> Records provided

Lemma cdf_level_in_supp (l : R) : 0 < l <= L -> exists c, in_supp F c /\ F c = l.
Proof.
  intros Hl. destruct HF as [Hmono [a0 [b0 Hab]]].
  destruct (completeness (fun y => F y - 0 < l)) as [c Hc].
  { exists b0. intros y Hy. apply Rnot_lt_le. intros Hb0y.
    rewrite (proj2 (Hab y)) in Hy by lra. lra. }
  { exists (Rmin a0 b0). rewrite (proj1 (Hab _)) by apply Rmin_l. lra. }
  exists c. split.
  - intros e He.
    assert (Hout : ~ F (c + e) - 0 < l) by (intros Hin; pose proof (proj1 Hc _ Hin); lra).
    destruct (is_lub_gt_exists _ _ (c - e) Hc) as [u [Hu Hcu]]; [lra|].
    pose proof (Hmono (c - e) u ltac:(lra)). lra.
  - rewrite (cdf_lub_level _ _ _ Hc). ring.
Qed.

Section Support.

Variables (xmin xmax : R).
Hypothesis HL : 0 < L.
Hypothesis Hint : smallest_interval F xmin xmax.

Lemma cdf_xmin_nonpos : F xmin <= 0.
Proof.
  apply Rle_plus_epsilon. intros e He.
  pose proof (Rmin_l e L). pose proof (Rmin_r e L).
  destruct (cdf_level_in_supp (Rmin e L)) as [c [Hc HFc]].
  { split; [apply Rmin_pos|]; lra. }
  pose proof (cdf_increment_bounds xmin c (proj1 ((proj1 Hint) c Hc))). lra.
Qed.

Lemma cdf_xmax_ge_mass : L <= F xmax.
Proof.
  destruct (cdf_level_in_supp L) as [c [Hc HFc]]; [lra|].
  pose proof (cdf_increment_bounds c xmax (proj2 ((proj1 Hint) c Hc))). lra.
Qed.

End Support.

End CumulativeDistribution.

Lemma elln_pos L n : 0 < L -> 0 < elln L n.
Proof. intros HL. unfold elln. apply Rdiv_lt_0_compat; auto. apply pow_lt; lra. Qed.

Lemma Nn_pos n : (1 <= Nn n)%nat.
Proof. unfold Nn. pose proof (Nat.pow_nonzero 2 n). lia. Qed.

Lemma INR_Nn_mul_elln L n : INR (Nn n) * elln L n = L.
Proof.
  unfold Nn, elln. rewrite pow_INR. replace (INR 2) with 2 by (simpl; lra).
  field. apply pow_nonzero. lra.
Qed.

Section InitialPoints.

Variables (F : R -> R) (L R0 xmin xmax : R) (n : nat) (xbar : nat -> R).
Hypothesis HL : 0 < L.
Hypothesis HF : cdf_ML F L.
Hypothesis HR : is_Linf_norm F R0.
Hypothesis Hxbar : initial_points F L xmin n xbar.

Lemma cdf_initial_points i : (i <= Nn n)%nat -> F (xbar i) = F xmin + INR i * elln L n.
Proof.
  destruct Hxbar as [H0 Hlub]. induction i as [|i IHi]; intros Hi.
  - rewrite H0. simpl. lra.
  - pose proof (cdf_lub_level F L R0 HF HR _ _ _ (Hlub (S i) ltac:(lia))) as Hstep.
    simpl in Hstep. rewrite Nat.sub_0_r, IHi in Hstep by lia. rewrite S_INR. lra.
Qed.
Lemma vnorm_layer_indic_le (S : set T) (I : finType) (C : I -> set T) dl m w :
  0 < dl -> (forall w, S w -> exists k, C k w) ->
  vnorm (L m.+1 w) * \1_S w <= dl + dl^-1 * \sum_k excess dl m w * \1_(C k) w.
Proof.
move=> dl_gt0 coverS.
have term_ge0 k : 0 <= excess dl m w * \1_(C k) w.
  by rewrite mulr_ge0 ?excess_ge0 ?indic_ge0.
have [Sw|nSw] := pselect (S w); last first.
  rewrite indic_out0 // mulr0; apply: addr_ge0; first exact: ltW.
  by apply: mulr_ge0; [rewrite invr_ge0 ltW | exact: sumr_ge0].
have [k Ck] := coverS w Sw.
rewrite indic_in1 // mulr1 (le_trans (le_add_excess (vnorm_ge0 _) dl_gt0)) //.
rewrite vnorm_sqr lerD2l [_ / dl]mulrC.
apply: ler_wpM2l; first by rewrite invr_ge0 ltW.
by rewrite (bigD1 k) //= indic_in1 // mulr1 lerDl sumr_ge0.
Qed.

Lemma Rintegrable_vnorm_layer_indic m S : measurable S ->
  Rintegrable (fun w => vnorm (L m w) * \1_S w).
Proof.
move=> mS; have [mL sqnorm_int] := sqintegrable_layer m.
apply: (Rintegrable_le (g := fun w => 1 + sqnorm (L m w))) => [|w|].
- apply: measurable_funM; last exact: measurable_indic.
  exact: measurable_vnorm.
- rewrite normrM !ger0_norm ?vnorm_ge0 ?indic_ge0 //.
  have [Sw|nSw] := pselect (S w).
    by rewrite indic_in1 // mulr1 vnorm_le1D_sqnorm.
  by rewrite indic_out0 // mulr0 addr_ge0 ?sqnorm_ge0.
- by apply: RintegrableD => //; exact: Rintegrable_cst.
Qed.

Lemma Rintegral_vnorm_layer_le (S : set T) (I : finType) (C : I -> set T) dl m :
  measurable S -> 0 < dl -> (forall k, measurable (C k)) ->
  (forall k w w', C k w -> C k w' -> sqnorm (X w - X w') <= dl ^+ 2) ->
  (forall w, S w -> exists k, C k w) ->
  \int[P]_w (vnorm (L m.+1 w) * \1_S w) <=
    dl + dl^-1 * (\sum_k 2 / fine (P (C k))) * sqnorm (mu m.+1).
Proof.
move=> mS dl_gt0 mC smallC coverS.
have cell_int k : Rintegrable (fun w => excess dl m w * \1_(C k) w).
  exact: Rintegrable_excess_indic.
have sum_int := Rintegrable_sum (index_enum I) cell_int.
apply: (@le_trans _ _
    (\int[P]_w (dl + dl^-1 * \sum_k excess dl m w * \1_(C k) w))).
  apply: le_Rintegral => // [||w _].
  - exact: Rintegrable_vnorm_layer_indic.
  - by apply: RintegrableD; [exact: Rintegrable_cst | exact: RintegrableZl].
  - exact: vnorm_layer_indic_le.
rewrite RintegralD ?Rintegral_cst_probability ?RintegralZl ?Rintegral_sum //;
  [|exact: Rintegrable_cst | exact: RintegrableZl].
rewrite lerD2l -mulrA; apply: ler_wpM2l; first by rewrite invr_ge0 ltW.
rewrite mulr_suml; apply: ler_sum => k _.
exact: (Rintegral_excess_cell_le (mC k) (smallC k)).
Qed.

Lemma Rintegral_vnorm_layer_ball_cvg0 (M : R) :
  (fun m => \int[P]_w (vnorm (L m w) * \1_[set w | vnorm (X w) <= M] w))
    @ \oo --> 0.
Proof.
have [mX _] := X_sqint.
set S := [set w | vnorm (X w) <= M].
have mS : measurable S := measurable_vnorm_le M mX.
rewrite -cvg_shiftS; apply/cvgrPdist_le => eps eps_gt0 /=.
set dl := eps / 2; have dl_gt0 : 0 < dl by rewrite divr_gt0.
have [I [C [mC smallC coverS]]] := small_cells_cover mX M dl_gt0.
have [c [c_ge0 bound]] : exists c, 0 <= c /\ forall m,
    \int[P]_w (vnorm (L m.+1 w) * \1_S w) <= dl + c * sqnorm (mu m.+1).
  exists (dl^-1 * \sum_k 2 / fine (P (C k))); split => [|m].
    apply: mulr_ge0; first by rewrite invr_ge0 ltW.
    by apply: sumr_ge0 => k _; rewrite divr_ge0 // fine_ge0 // measure_ge0.
  exact: Rintegral_vnorm_layer_le.
have c1_gt0 : 0 < c + 1 by rewrite ltr_wpDl.
have := sqnorm_Evec_layer_cvg0; rewrite -cvg_shiftS.
move=> /cvgrPdist_le /(_ _ (divr_gt0 dl_gt0 c1_gt0)); apply: filterS => m.
rewrite !sub0r !normrN !ger0_norm ?sqnorm_ge0 //; last first.
  by apply: Rintegral_ge0 => w _; rewrite mulr_ge0 ?vnorm_ge0 ?indic_ge0.
move=> mu_small; apply: le_trans (bound m) _.
have : c * sqnorm (mu m.+1) <= c * (dl / (c + 1)) by rewrite ler_wpM2l.
have : c * (dl / (c + 1)) <= dl by rewrite mulrA ler_pdivrMr //; nra.
rewrite /dl; lra.
Qed.

End scattering_layers.

Theorem mainTheorem2 (d : measure_display) (T : measurableType d) (R : realType)
  (P : probability T R) (N : nat -> nat)
  (A B : forall m, 'M[R]_(N m.+1, N m))
  (X : T -> 'cV[R]_(N 0)) :
  (forall m, (0 < N m)%N) ->
  (forall m, isometry_cplx (A m) (B m)) ->
  (forall i, measurable_fun setT (fun w => X w i 0)) ->
  (expectation P (fun w => (vnorm (X w) ^+ 2)%R) < +oo)%E ->
  forall M : R, 0 < M ->
  (fun m : nat =>
      expectation P (fun w => vnorm (layer P A B X m w) *
                              \1_[set w | vnorm (X w) <= M] w))
     @ \oo --> 0%E.
Proof.
move=> _ isoAB mX moment_fin M _.
have X_sqint := sqintegrable_of_expectation mX moment_fin.
have layer_int m := Rintegrable_vnorm_layer_indic isoAB X_sqint m
  (measurable_vnorm_le M mX).
apply/fine_cvgP; split.
  by apply: nearW => m; rewrite expectation_Rintegral.
rewrite (_ : fine \o _ = fun m => \int[P]_w (vnorm (layer P A B X m w) *
    \1_[set w | vnorm (X w) <= M] w)).
  exact: Rintegral_vnorm_layer_ball_cvg0.
by apply/funext => m /=; rewrite expectation_Rintegral.
Qed.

> Try it
Filter these records, keeping every line where the word "coverS" occurs.

> Result of the task
move=> dl_gt0 coverS.
have [k Ck] := coverS w Sw.
move=> mS dl_gt0 mC smallC coverS.
have [I [C [mC smallC coverS]]] := small_cells_cover mX M dl_gt0.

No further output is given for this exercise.